I’ve always been a bit of a clotheshorse. When I was young, it didn’t matter much, because my mom bought my clothes, and I wore almost exclusively athletic sets from Adidas or Nike—you know the ones, a matching pair of shorts or windpants and a t-shirt and possibly a windbreaker, all in the same color, with a little embroidered check on the breast. I wasn’t a tomboy. I was always extremely femme, despite the shortness of my hair and the endless athletic wear. But I wasn’t femme in a way that I could make sense of yet. For one thing, I was fat, which none of the other girls at school seemed to be. For another, I looked just like my Dad, a man, and everyone told me that regularly. For a third, girls were expected—required—to be good in school, sit still and quiet, until recess when they could enact petty vengeance on whatever poor kid crossed them.

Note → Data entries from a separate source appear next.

Lemma bz_eq_mul r x y : bz_eq B x y -> bz_eq B (zmul M r x) (zmul M r y).
Proof.
  rewrite !bz_eqP. intros (u & v & Huv & P).
  destruct r as [r1 r2], x as [x1 x2], y as [y1 y2]; simpl in *.
  exists (nprod M r1 u ++ nprod M r2 v), (nprod M r1 v ++ nprod M r2 u). split.
  { apply bR_app; apply bR_nprod; auto using bR_refl, bR_sym. }
  assert (P1 := nprod_perm_r M r1 _ _ P).
  assert (P2 := nprod_perm_r M r2 _ _ P).
  rewrite !nprod_app3_r in P1, P2.
  apply Permutation_sym in P2.
  eapply Permutation_between; [exact (Permutation_app P1 P2) | perm_norm | perm_norm].
Qed.

End BlueprintRing.

Section DifferenceIdeal.
Variable B : Blueprint.
Notation M := (bmon B).

Lemma IZ_bz_eq r x y : bz_eq B x y -> IZ B r y -> IZ B r x.
Proof.
  intros Hxy (cs & ds & F & E). exists cs, ds. split; [exact F|].
  exact (bz_eq_trans B _ _ _ Hxy E).
Qed.

Lemma IZ_z0 r : IZ B r z0.
Proof. exists [], []. split; [constructor | apply bz_eq_refl]. Qed.

Lemma IZ_add r x y : IZ B r x -> IZ B r y -> IZ B r (zadd x y).
Proof.
  intros (cs & ds & F & E) (cs' & ds' & F' & E'). exists (cs ++ cs'), (ds ++ ds').
  split; [now apply Forall2_app | exact (bz_eq_add B _ _ _ _ E E')].
Qed.

Definition IZrel (r : bcar B -> bcar B -> Prop) (s t : list (bcar B)) : Prop :=
  IZ B r (s, t).

Lemma IZrel_refl r s : IZrel r s s.
Proof. exists [], []. split; [constructor | apply bz_eq_perm; simpl; perm_norm]. Qed.

Lemma IZrel_trans r s t u : IZrel r s t -> IZrel r t u -> IZrel r s u.
Proof.
  intros Hst Htu. apply (IZ_bz_eq r _ (zadd (s, t) (t, u))); [|exact (IZ_add r _ _ Hst Htu)].
  apply bz_eq_perm. simpl. perm_norm.
Qed.

Lemma IZrel_perm r s s' t t' :
  Permutation s s' -> Permutation t t' -> IZrel r s t -> IZrel r s' t'.
Proof.
  intros Ps Pt H. apply (IZ_bz_eq r _ (s, t)); [|exact H].
  apply bz_eq_perm. simpl.
  eapply Permutation_between; [exact (Permutation_app (Permutation_sym Ps) Pt) | perm_norm | perm_norm].
Qed.

Lemma IZrel_bR r s t : bR B s t -> IZrel r s t.
Proof.
  intro H. exists [], []. split; [constructor|].
  apply bz_eqP. exists s, t. split; [exact H | simpl; perm_norm].
Qed.

Lemma IZrel_Forall2 r s t : Forall2 r s t -> IZrel r s t.
Proof. intro H. exists s, t. split; [exact H | apply bz_eq_refl]. Qed.

Lemma IZrel_pair r a b : r a b -> IZrel r [a] [b].
Proof. intro H. apply IZrel_Forall2. now repeat constructor. Qed.

Lemma IZrel_Forall2_sub (r r' : bcar B -> bcar B -> Prop) s t :
  (forall a b, r' a b -> IZrel r [a] [b]) -> Forall2 r' s t -> IZrel r s t.
Proof.
  intros Hr' F. induction F as [|a b s t Hab _ IH]; [apply IZrel_refl|].
  exact (IZ_add r ([a], [b]) (s, t) (Hr' a b Hab) IH).
Qed.

Lemma IZ_mono (r r' : bcar B -> bcar B -> Prop) x :
  (forall a b, r' a b -> IZrel r [a] [b]) -> IZ B r' x -> IZ B r x.
Proof.
  intros Hr' (cs & ds & F & E). apply (IZ_bz_eq r _ (cs, ds)); [exact E|].
  exact (IZrel_Forall2_sub r r' cs ds Hr' F).
Qed.

Section SymmetricRelation.
Variable r : bcar B -> bcar B -> Prop.
Hypothesis r_sym : forall a b, r a b -> r b a.

Lemma Forall2_sym cs ds : Forall2 r cs ds -> Forall2 r ds cs.
Proof. intro F. apply Forall2_flip in F. eapply Forall2_impl; [|exact F]. auto. Qed.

I’m not saying the girls were worse than boys. They weren’t. But they had higher expectations thrust upon them, and I chafed under that.
So, I dressed unremarkably, in masculine outfits designed to hide my body. I played freeze tag with two boys in my class at recess, almost exclusively for three years. I had a short, permed haircut despite the beauty of my natural curls. And, at the same time, I wanted to be a clothing designer. I had a notebook full of drawings of clothes, all painstakingly colored, all with lovingly-written descriptions of various pieces, shapes, materials, or contexts.
This one is a red satin trumpet gown with iridescent lace over it, and it has matching iridescent elbow-length gloves, to be worn at formal events like movie premiers and weddings where they serve food instead of just cake.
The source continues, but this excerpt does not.